Thanks petunia, these are great suggestions and the exact reason I came here looking for ideas on how to approach this.

We are currently in a district with a third through sixth half day per week pull out. It is only enrichment. There is nothing for junior high students and I have never heard anyone say anything good about the local high school.

Our top choices right now include the following:

District A: Lots of community support for the schools and plenty of smart kid friendly enrichment programs at school like science club, chess, lego club, etc. Gifted kids get their own curriculum plan but there is no grouping. Differentiation is in the classroom. I have heard from another parent that subject acceleration is no problem and that while they don't have a program for gifted kids, they are flexible.
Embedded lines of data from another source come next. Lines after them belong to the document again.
Lemma null_basis_range_eq m p r (A B : 'M[F]_(m, p)) (Z : 'M_(p + p, r)) :
  null_basis (row_mx A B) Z -> \rank A = p -> \rank B = p -> (p <= r)%N -> range_eq A B.
Proof.
move=> [nullZ rankZ _] rankA rankB le_pr.
have : (Z^T <= kermx (row_mx A B)^T)%MS by apply/sub_kermxP; rewrite -trmx_mul nullZ trmx0.
move/mxrankS; rewrite mxrank_ker !mxrank_tr rankZ => le_r.
have rank_AB : (\rank (row_mx A B) <= p)%N.
  by move: le_r le_pr (rank_leq_col (row_mx A B)); lia.
have eq_AB M : (M^T <= (row_mx A B)^T)%MS -> \rank M = p -> (M^T == (row_mx A B)^T)%MS.
  move=> leM rankM; rewrite -(geq_leqif (mxrank_leqif_eq leM)) !mxrank_tr rankM.
  exact: rank_AB.
have /eqmxP eqA : (A^T == (row_mx A B)^T)%MS.
  by apply: eq_AB rankA; rewrite tr_row_mx -addsmxE addsmxSl.
have /eqmxP eqB : (B^T == (row_mx A B)^T)%MS.
  by apply: eq_AB rankB; rewrite tr_row_mx -addsmxE addsmxSr.
by apply/eqmxP; apply: eqmx_trans eqA (eqmx_sym eqB).
Qed.

Lemma ssd_iter_invariant q m p (A B : 'M[F]_(m, p)) (Cj : 'M_(q, p)) c (C' : 'M_(q, c)) :
  ssd_iter A B Cj C' -> forall A1 B1 : 'M_(m, q), col_free A1 -> col_free B1 ->
  A = A1 *m Cj -> B = B1 *m Cj -> col_free Cj ->
  col_free C' /\ range_eq (A1 *m C') (B1 *m C').
Proof.
elim=> {p A B Cj c C'} [p A B Cj Z _ | p A B Cj r Z nullZ _ le_pr |
                        p A B Cj r Z c C' nullZ _ _ _ IH]
  A1 B1 freeA1 freeB1 eqA eqB freeCj.
- by rewrite /row_free -leqn0 rank_leq_row /range_eq !mulmx0 submx_refl.
- split=> //; rewrite -eqA -eqB.
  by apply: null_basis_range_eq nullZ _ _ le_pr;
    rewrite ?eqA ?eqB mxrankM_col_free // -mxrank_tr (eqP freeCj).
- have freeB : col_free B by rewrite eqB col_freeM.
  apply: IH; rewrite ?eqA ?eqB ?mulmxA //.
  exact: col_freeM freeCj (null_basis_usubmx_col_free nullZ freeB).
Qed.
District B: This one seems to understand gifted issues more than the other. There is a self-contained program for grades 2-6 and a gifted magnet junior high. There is also an gifted mentor at each school to help make curriculum adjustments for gifted kids who are not in the self-contained program. There is a snippet on their website that their program seeks to serve a student population with different needs and that the program isn't necessarily for the highest achieving students. There is even a part addressing the gifted underachiever and gifted students as "at risk" for underachievement and dropping out if they are not given an appropriate education. The only real red flag for this one is they specifically state there is no consideration of outside testing in either the initial application or an appeal. They use the CogAt and ITBS. I know of one disgruntled parent who thought their kid should qualify but didn't. I don't know the kid or the parent that well so I am not sure how much that matters.

Testing data for option A v. option B has A way ahead. The community that feeds into option A is much more educated/affluent and most students are going to be from homes that stress academic achievement. Almost every option A high school student graduates and attends college. Option B has a more average spread.